Re: [HACKERS] Unportable implementation of background worker start - Mailing list pgsql-hackers

From Tom Lane
Subject Re: [HACKERS] Unportable implementation of background worker start
Date
Msg-id 9205.1492833041@sss.pgh.pa.us
Whole thread Raw
In response to Re: [HACKERS] Unportable implementation of background worker start  (Tom Lane <tgl@sss.pgh.pa.us>)
Responses Re: [HACKERS] Unportable implementation of background worker start  (Andres Freund <andres@anarazel.de>)
Re: [HACKERS] Unportable implementation of background worker start  (Andres Freund <andres@anarazel.de>)
List pgsql-hackers
I wrote:
> Attached is a lightly-tested draft patch that converts the postmaster to
> use a WaitEventSet for waiting in ServerLoop.  I've got mixed emotions
> about whether this is the direction to proceed, though.

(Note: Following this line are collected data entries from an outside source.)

Definition envrel_transp (X : envrel) : envrel :=
  {| X_env := fun E => X_env X (transp term E);
     X_tri := fun E a b => X_tri X (transp term E) b a |}.

Lemma add_pair_transp v0 v1 E :
  transp term (add_pair v0 v1 E) = add_pair v1 v0 (transp term E).
Proof.
  unfold transp, add_pair.
  apply functional_extensionality; intro a; apply functional_extensionality; intro b.
  apply propositional_extensionality; tauto.
Qed.

Lemma is_bisim_p_transp X : is_bisim_p X -> is_bisim_p (envrel_transp X).
Proof.
  intros (W1 & W2 & C1 & C2 & C3). unfold is_bisim_p; simpl.
  split; [|split; [|split; [|split]]].
  - intros E H. exact (is_env_transp _ (W1 _ H)).
  - intros E t0 t1 H. apply W2 in H as (H & ? & ?).
    split; [exact (is_env_transp _ H) | tauto].
  - intros E t0 t1 H Hnp E0 E1 P0 P1 Hh. apply C1; auto using hat_transp. tauto.
  - intros E p0 p1 H Hp0 Hp1.
    destruct (C2 _ _ _ H Hp1 Hp0) as (D1 & D2 & D3 & D4).
    split; [|split; [|split]].
    + intros p0' Hs Hp'. destruct (D3 p0' Hs Hp') as (p1' & ? & ? & ?). eauto.
    + intros v0 Hs Hv. destruct (D4 v0 Hs Hv) as (v1 & ? & ? & ?).
      exists v1. rewrite add_pair_transp. auto.
    + intros p1' Hs Hp'. destruct (D1 p1' Hs Hp') as (p0' & ? & ? & ?). eauto.
    + intros v1 Hs Hv. destruct (D2 v1 Hs Hv) as (v0 & ? & ? & ?).
      exists v0. rewrite add_pair_transp. auto.
  - intros E H b0 b1 HE v0 v1 Hv0 Hv1 Ht. apply C3; auto using tilde_transp.
Qed.

Lemma approx_p_tri_transp E a b :
  approx_p_tri E a b -> approx_p_tri (transp term E) b a.
Proof. intros (X & HX & H). exists (envrel_transp X); auto using is_bisim_p_transp. Qed.

Lemma approx_p_env_transp E : approx_p_env E -> approx_p_env (transp term E).
Proof. intros (X & HX & H). exists (envrel_transp X); auto using is_bisim_p_transp. Qed.

Lemma approx_p_tri_wf E a b : approx_p_tri E a b -> is_env E /\ closed a /\ closed b.
Proof. intros (X & (_ & W2 & _) & H). eauto. Qed.

Lemma approx_p_env_wf E : approx_p_env E -> is_env E.
Proof. intros (X & (W1 & _) & H). eauto. Qed.

Lemma approx_p_reset_pure E t0 t1 :
  approx_p_tri E t0 t1 -> ~ (is_program t0 /\ is_program t1) ->
  forall E0 E1, pure E0 -> pure E1 -> hat E E0 E1 ->
  approx_p_tri E (Reset (plug E0 t0)) (Reset (plug E1 t1)).
Proof.
  intros (X & HX & H) Hnp E0 E1 P0 P1 Hh. exists X. split; [exact HX|].
  destruct HX as (_ & _ & C1 & _). auto.
Qed.

Lemma approx_p_program_step E p0 p1 :
  approx_p_tri E p0 p1 -> is_program p0 -> is_program p1 ->
  forall p0', step p0 p0' -> is_program p0' ->
  exists p1', steps p1 p1' /\ is_program p1' /\ approx_p_tri E p0' p1'.
Proof.
  intros (X & HX & H) Hp0 Hp1 p0' Hs Hp0'.
  pose proof HX as (_ & _ & _ & C2 & _).
  destruct (proj1 (C2 _ _ _ H Hp0 Hp1) p0' Hs Hp0') as (p1' & ? & ? & ?).
  exists p1'; repeat split; auto. exists X; auto.
Qed.

Lemma approx_p_value_step E p0 p1 :
  approx_p_tri E p0 p1 -> is_program p0 -> is_program p1 ->
  forall v0, step p0 v0 -> is_value v0 ->
  exists v1, steps p1 v1 /\ is_value v1 /\ approx_p_env (add_pair v0 v1 E).
Proof.
  intros (X & HX & H) Hp0 Hp1 v0 Hs Hv0.
  pose proof HX as (_ & _ & _ & C2 & _).
  destruct (proj1 (proj2 (C2 _ _ _ H Hp0 Hp1)) v0 Hs Hv0) as (v1 & ? & ? & ?).
  exists v1; repeat split; auto. exists X; auto.
Qed.

Lemma approx_p_subst E : approx_p_env E ->
  forall b0 b1, E (Lam b0) (Lam b1) ->
  forall v0 v1, is_value v0 -> is_value v1 -> tilde E v0 v1 ->
  approx_p_tri E (subst 0 v0 b0) (subst 0 v1 b1).
Proof.
  intros (X & HX & H) b0 b1 Hb v0 v1 Hv0 Hv1 Hv. exists X. split; [exact HX|].
  destruct HX as (_ & _ & _ & _ & C3). auto.
Qed.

Attached are a couple of patches that represent a plausible Plan B.
The first one changes the postmaster to run its signal handlers without
specifying SA_RESTART.  I've confirmed that that seems to fix the
select_parallel-test-takes-a-long-time problem on gaur/pademelon.
The second one uses pselect, if available, to replace the unblock-signals/
select()/block-signals dance in ServerLoop.  On platforms where pselect
exists and works properly, that should fix the race condition I described
previously.  On platforms where it doesn't, we're no worse off than
before.

As mentioned in the comments for the second patch, even if we don't
have working pselect(), the only problem is that ServerLoop's response
to an interrupt might be delayed by as much as the up-to-1-minute timeout.
The only existing case where that's really bad is launching multiple
bgworkers.  I would therefore advocate also changing maybe_start_bgworker
to start up to N bgworkers per call, where N is large enough to pretty
much always satisfy simultaneously-arriving requests.  I'd pick 100 or
so, but am willing to negotiate.

I think that these patches represent something we could back-patch
without a lot of trepidation, unlike the WaitEventSet-based approach.
Therefore, my proposal is to apply and backpatch these changes, and
call it good for v10.  For v11, we could work on changing the postmaster
to not do work in signal handlers, as discussed upthread.  That would
supersede these two patches completely, though I'd still advocate for
keeping the change in maybe_start_bgworker.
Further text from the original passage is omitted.